▶ **DATA PROVIDED**:
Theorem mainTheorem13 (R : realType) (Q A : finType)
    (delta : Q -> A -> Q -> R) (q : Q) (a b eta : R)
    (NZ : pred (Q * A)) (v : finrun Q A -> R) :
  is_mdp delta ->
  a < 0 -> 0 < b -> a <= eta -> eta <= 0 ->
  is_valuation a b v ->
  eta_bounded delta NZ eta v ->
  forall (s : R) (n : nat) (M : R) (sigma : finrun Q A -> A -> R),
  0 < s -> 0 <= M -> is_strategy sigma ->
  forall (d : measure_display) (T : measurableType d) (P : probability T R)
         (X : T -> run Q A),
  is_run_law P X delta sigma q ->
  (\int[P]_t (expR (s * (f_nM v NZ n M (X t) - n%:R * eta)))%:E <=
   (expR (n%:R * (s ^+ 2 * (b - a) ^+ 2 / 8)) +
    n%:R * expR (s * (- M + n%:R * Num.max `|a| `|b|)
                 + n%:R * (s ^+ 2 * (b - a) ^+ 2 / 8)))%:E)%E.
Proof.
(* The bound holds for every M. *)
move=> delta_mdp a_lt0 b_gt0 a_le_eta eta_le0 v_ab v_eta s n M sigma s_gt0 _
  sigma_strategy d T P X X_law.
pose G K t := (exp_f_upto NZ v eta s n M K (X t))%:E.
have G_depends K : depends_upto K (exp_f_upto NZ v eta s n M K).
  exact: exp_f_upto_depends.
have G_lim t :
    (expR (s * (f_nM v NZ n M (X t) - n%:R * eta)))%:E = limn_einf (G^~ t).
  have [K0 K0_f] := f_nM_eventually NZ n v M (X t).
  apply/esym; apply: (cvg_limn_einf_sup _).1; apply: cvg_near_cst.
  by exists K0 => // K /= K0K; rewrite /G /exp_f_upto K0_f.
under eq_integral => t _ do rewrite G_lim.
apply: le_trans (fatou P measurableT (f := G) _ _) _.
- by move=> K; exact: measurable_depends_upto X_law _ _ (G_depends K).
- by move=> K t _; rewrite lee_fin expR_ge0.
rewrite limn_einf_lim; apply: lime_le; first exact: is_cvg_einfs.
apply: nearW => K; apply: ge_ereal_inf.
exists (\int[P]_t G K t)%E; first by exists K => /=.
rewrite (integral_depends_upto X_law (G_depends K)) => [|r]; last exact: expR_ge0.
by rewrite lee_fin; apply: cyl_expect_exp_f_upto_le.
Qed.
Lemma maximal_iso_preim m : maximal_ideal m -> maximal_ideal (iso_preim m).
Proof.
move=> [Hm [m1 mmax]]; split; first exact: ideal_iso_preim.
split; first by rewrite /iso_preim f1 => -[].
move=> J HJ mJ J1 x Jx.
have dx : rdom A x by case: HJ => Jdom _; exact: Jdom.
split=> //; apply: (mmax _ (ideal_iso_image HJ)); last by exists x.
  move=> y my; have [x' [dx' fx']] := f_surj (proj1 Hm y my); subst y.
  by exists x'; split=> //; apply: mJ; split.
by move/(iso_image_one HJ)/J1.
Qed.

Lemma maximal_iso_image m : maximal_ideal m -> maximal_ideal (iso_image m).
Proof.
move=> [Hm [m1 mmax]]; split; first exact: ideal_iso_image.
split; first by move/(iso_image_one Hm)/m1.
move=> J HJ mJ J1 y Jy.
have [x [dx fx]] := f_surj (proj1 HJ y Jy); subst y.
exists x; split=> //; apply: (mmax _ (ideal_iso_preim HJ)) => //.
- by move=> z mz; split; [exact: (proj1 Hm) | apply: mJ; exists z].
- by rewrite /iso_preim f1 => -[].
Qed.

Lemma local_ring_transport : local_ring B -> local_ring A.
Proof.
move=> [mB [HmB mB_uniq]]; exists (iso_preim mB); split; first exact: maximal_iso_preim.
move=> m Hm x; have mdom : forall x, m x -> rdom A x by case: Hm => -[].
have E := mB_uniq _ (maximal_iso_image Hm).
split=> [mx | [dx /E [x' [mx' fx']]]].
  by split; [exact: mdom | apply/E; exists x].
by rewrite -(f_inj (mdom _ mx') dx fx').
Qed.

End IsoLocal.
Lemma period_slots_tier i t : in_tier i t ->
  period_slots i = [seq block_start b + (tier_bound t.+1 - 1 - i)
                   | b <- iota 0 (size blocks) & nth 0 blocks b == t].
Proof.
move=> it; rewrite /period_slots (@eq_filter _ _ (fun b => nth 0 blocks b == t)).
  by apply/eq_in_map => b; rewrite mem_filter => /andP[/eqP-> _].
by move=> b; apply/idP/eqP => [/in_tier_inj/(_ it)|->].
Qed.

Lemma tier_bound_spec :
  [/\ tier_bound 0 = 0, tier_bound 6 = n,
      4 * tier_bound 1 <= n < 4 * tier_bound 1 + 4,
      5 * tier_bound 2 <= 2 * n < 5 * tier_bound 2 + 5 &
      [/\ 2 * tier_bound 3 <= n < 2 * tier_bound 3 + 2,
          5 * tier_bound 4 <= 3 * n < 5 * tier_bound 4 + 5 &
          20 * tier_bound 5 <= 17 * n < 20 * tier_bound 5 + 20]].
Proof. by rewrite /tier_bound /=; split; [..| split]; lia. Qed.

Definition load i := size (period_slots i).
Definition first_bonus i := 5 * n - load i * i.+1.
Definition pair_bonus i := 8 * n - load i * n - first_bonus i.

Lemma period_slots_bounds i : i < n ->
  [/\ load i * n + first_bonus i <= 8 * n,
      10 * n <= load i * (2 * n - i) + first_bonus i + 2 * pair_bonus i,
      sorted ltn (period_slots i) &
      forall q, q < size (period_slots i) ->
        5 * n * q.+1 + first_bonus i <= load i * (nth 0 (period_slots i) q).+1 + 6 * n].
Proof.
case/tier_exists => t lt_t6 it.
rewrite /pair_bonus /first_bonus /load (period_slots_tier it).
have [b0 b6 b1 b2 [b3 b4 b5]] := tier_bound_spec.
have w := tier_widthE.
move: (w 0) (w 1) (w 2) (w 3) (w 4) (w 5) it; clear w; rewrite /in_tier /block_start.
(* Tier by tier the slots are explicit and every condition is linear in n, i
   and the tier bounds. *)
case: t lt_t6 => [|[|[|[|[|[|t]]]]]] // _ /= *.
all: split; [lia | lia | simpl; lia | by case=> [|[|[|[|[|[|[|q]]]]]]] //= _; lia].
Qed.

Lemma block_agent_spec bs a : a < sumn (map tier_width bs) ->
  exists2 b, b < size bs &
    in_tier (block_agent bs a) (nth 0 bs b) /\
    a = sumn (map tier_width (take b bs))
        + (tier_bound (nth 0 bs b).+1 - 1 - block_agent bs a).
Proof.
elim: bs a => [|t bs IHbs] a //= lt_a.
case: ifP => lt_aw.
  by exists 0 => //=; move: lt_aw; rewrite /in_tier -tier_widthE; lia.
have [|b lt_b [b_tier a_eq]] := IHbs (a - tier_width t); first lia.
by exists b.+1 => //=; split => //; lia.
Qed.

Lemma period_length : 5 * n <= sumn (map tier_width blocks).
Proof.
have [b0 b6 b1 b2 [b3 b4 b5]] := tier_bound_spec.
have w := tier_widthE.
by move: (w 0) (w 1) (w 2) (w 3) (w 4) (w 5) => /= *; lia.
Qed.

▶ **WHAT YOU HAVE TO DO**: Output only the lines from the one with "have [|b lt_b" through the last line of the entries above; please keep them exact.

▶ **ANSWER BOX**:
have [|b lt_b [b_tier a_eq]] := IHbs (a - tier_width t); first lia.
by exists b.+1 => //=; split => //; lia.
Qed.

Lemma period_length : 5 * n <= sumn (map tier_width blocks).
Proof.
have [b0 b6 b1 b2 [b3 b4 b5]] := tier_bound_spec.
have w := tier_widthE.
by move: (w 0) (w 1) (w 2) (w 3) (w 4) (w 5) => /= *; lia.
Qed.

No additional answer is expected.